WHAT THE TASK REQUIRES >> Find every line below where the string "exists" shows up, and copy those lines.

'''

Lemma channel_ketbraB_le Psi x y e f : is_channel Psi -> unit_vector x -> orthonormal2 e f ->
  inner e (Psi (ketbra x - ketbra y) *m e) <= 1.
Proof.
case=> lin cp tp ux ef.
have Psi_ge0 z v : 0 <= inner v (Psi (ketbra z) *m v).
  exact: completely_positive_psd cp (ketbra_psd z) v.
have := Psi_ge0 x f; rewrite (trace_preserving_ketbra tp ux ef) subr_ge0 => Ex_le1.
by rewrite (linear_mapB _ _ lin) mulmxBl innerBr (le_trans _ Ex_le1) // gerBl Psi_ge0.
Qed.

Lemma success_le_channel psi phi e f Psi : is_channel Psi ->
  unit_vector psi -> unit_vector phi -> orthonormal2 e f ->
  success psi phi e f Psi <= 2^-1 * (1 + sqrtc (1 - `|inner psi phi| ^+ 2)).
Proof.
move=> chPsi upsi uphi ef; have [lin _ tp] := chPsi.
have [x [y [[ux _ _] D_spec]]] := ketbraB_spectral upsi uphi.
rewrite success_tpE // D_spec (linear_mapZ _ _ lin) -scalemxAl innerZr.
rewrite ler_wpM2l ?invr_ge0 ?ler0n // lerD2l ler_piMr ?sqrt_one_sub_inner_ge0 //.
exact: (channel_ketbraB_le _ chPsi ux ef).
Qed.

Lemma mulmx_sign_avg n (E F G H A : 'M[C]_n) :
  2^-1 *: ((E + F) *m A *m (G + H)) + 2^-1 *: ((E - F) *m A *m (G - H)) =
  E *m A *m G + F *m A *m H.
Proof.
rewrite mulmxDr mulmxBr !mulmxDl !mulNmx.
move: (E *m A *m G) (E *m A *m H) (F *m A *m G) (F *m A *m H) => EG EH FG FH.
by apply/matrixP=> i j; rewrite !mxE; field.
Qed.

Definition measure_prepare x y e f A : M2 :=
  inner x (A *m x) *: ketbra e + inner y (A *m y) *: ketbra f.

Lemma measure_prepare_random_unitary x y e f : orthonormal2 x y -> orthonormal2 e f ->
  is_random_unitary (measure_prepare x y e f).
Proof.
move=> xy ef; have [ux uy x_y] := xy; have y_x := orthonormal2_innerC xy.
pose U (k : 'I_2) : M2 := e *m adj x + (-1) ^+ k *: (f *m adj y).
have adjU k : adj (U k) = x *m adj e + (-1) ^+ k *: (y *m adj f).
  by rewrite adjmxD adjmxZ !adjmxM !adjmxK rmorphXn rmorphN1.
exists 2, (fun _ => 2^-1), U; split.
- by move=> _; rewrite invr_ge0 ler0n.
- by rewrite big_ord2; field.
- move=> k; rewrite /unitary adjU /U mulmxDl !mulmxDr -!scalemxAl -!scalemxAr !mulmx_outer.
  rewrite ux uy x_y y_x !scale0r !scaler0 addr0 add0r !scale1r signrZK.
  exact: orthonormal2_ketbraD.
move=> A; rewrite big_ord2 /U expr0 expr1 !scale1r !scaleN1r adjmxD adjmxB !adjmxM !adjmxK.
by rewrite mulmx_sign_avg !mulmx_outer_mx.
Qed.

Lemma measure_prepare_channel x y e f : orthonormal2 x y -> orthonormal2 e f ->
  is_channel (measure_prepare x y e f).
Proof. by move=> xy ef; apply/random_unitary_channel/measure_prepare_random_unitary. Qed.

Lemma measure_prepare_unital x y e f : unit_vector x -> unit_vector y -> orthonormal2 e f ->
  is_unital (measure_prepare x y e f).
Proof.
move=> ux uy ef.
by rewrite /is_unital /measure_prepare !mul1mx ux uy !scale1r orthonormal2_ketbraD.
Qed.

Lemma inner_lincomb_mulmx u w a b (M N : M2) :
  inner u ((a *: M + b *: N) *m w) = a * inner u (M *m w) + b * inner u (N *m w).
Proof. by rewrite mulmxDl -!scalemxAl innerDr !innerZr. Qed.

Lemma inner_measure_prepare x y e f A : orthonormal2 e f ->
  inner e (measure_prepare x y e f A *m e) = inner x (A *m x).
Proof.
move=> ef; have [ue _ e_f] := ef.
rewrite inner_lincomb_mulmx !inner_ketbra ue e_f.
by rewrite mul1r mulr1 mul0r mulr0 addr0.
Qed.

Lemma success_measure_prepare psi phi x y e f (s : C) :
  unit_vector phi -> orthonormal2 x y -> orthonormal2 e f ->
  ketbra psi - ketbra phi = s *: (ketbra x - ketbra y) ->
  success psi phi e f (measure_prepare x y e f) = 2^-1 * (1 + s).
Proof.
move=> uphi xy ef D_spec; have [lin _ tp] := measure_prepare_channel xy ef.
have [ux _ x_y] := xy.
rewrite success_tpE // inner_measure_prepare // D_spec -scalemxAl innerZr mulmxBl innerBr.
by rewrite !inner_ketbra ux x_y mulr1 mul0r subr0 mulr1.
Qed.

Lemma measure_prepare_entanglement_breaking x y e f : orthonormal2 x y -> orthonormal2 e f ->
  is_entanglement_breaking (measure_prepare x y e f).
Proof.
move=> xy ef; split; first exact: measure_prepare_channel.
move=> B [B_psd trB1]; have [ue uf _] := ef.
have [px [sx [px_ge0 sx_state Bx]]] := psd_scaled_state (block_psd_compress x B_psd).
have [py [sy [py_ge0 sy_state By]]] := psd_scaled_state (block_psd_compress y B_psd).
exists 2, (fun k => if k == 0 then px else py), (fun k => if k == 0 then sx else sy),
  (fun k => if k == 0 then ketbra e else ketbra f); split.
- by move=> k; case: ifP.
- have tr_state (p : C) sigma : is_state sigma -> \tr (p *: sigma) = p.
    by case=> _ tr1; rewrite mxtraceZ tr1 mulr1.
  rewrite big_ord2 /= -[px](tr_state _ _ sx_state) -[py](tr_state _ _ sy_state) -Bx -By -trB1.
  have tr_compress z : \tr (\matrix_(i, j) inner z (B i j *m z)) = \sum_i inner z (B i i *m z).
    by apply: eq_bigr => i _; rewrite mxE.
  rewrite !tr_compress -big_split; apply: eq_bigr => i _.
  by rewrite (orthonormal2_mxtrace _ xy).
- by move=> k; case: ifP.
- by move=> k; case: ifP => _; apply: ketbra_state.
move=> i j; rewrite big_ord2 /= /ampl /measure_prepare.
have entry (M : M2) (p : C) sigma : M = p *: sigma -> p * sigma i j = M i j.
  by move=> ->; rewrite mxE.
by rewrite (entry _ _ _ Bx) (entry _ _ _ By) !mxE.
Qed.

End QubitChannels.

Theorem proposition10 (R : realType) (psi phi e f : 'cV[R[i]]_2)
  (hpsi : unit_vector psi) (hphi : unit_vector phi)
  (he : unit_vector e) (hf : unit_vector f) (hef : inner e f = 0)
  (X : ('M[R[i]]_2 -> 'M[R[i]]_2) -> Prop)
  (hX : X = @is_random_unitary R \/ X = @is_unital_entanglement_breaking R \/
        X = @is_entanglement_breaking R \/ X = @is_channel R) :
  let v := 2^-1 * (1 + sqrtc (1 - `|inner psi phi| ^+ 2)) in
  (exists Psi, X Psi /\ success psi phi e f Psi = v) /\
  (forall Psi, X Psi -> success psi phi e f Psi <= v).
Proof.
move=> v; have ef : orthonormal2 e f by split.
have [x [y [xy D_spec]]] := ketbraB_spectral hpsi hphi.
have X_channel Psi : X Psi -> is_channel Psi.
  by case: hX => [|[|[|]]] -> //; [exact: random_unitary_channel | case=> [[]] | case].
split; last by move=> Psi /X_channel chPsi; apply: success_le_channel.
exists (measure_prepare x y e f); split; last exact: success_measure_prepare D_spec.
case: hX => [|[|[|]]] ->.
- exact: measure_prepare_random_unitary.
- by split; [exact: measure_prepare_entanglement_breaking | case: xy => ux uy _;
    exact: measure_prepare_unital].
- exact: measure_prepare_entanglement_breaking.
- exact: measure_prepare_channel.
Qed.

'''

EXPECTED OUTPUT >>
exists 2, (fun _ => 2^-1), U; split.
exists 2, (fun k => if k == 0 then px else py), (fun k => if k == 0 then sx else sy),
  (exists Psi, X Psi /\ success psi phi e f Psi = v) /\
exists (measure_prepare x y e f); split; last exact: success_measure_prepare D_spec.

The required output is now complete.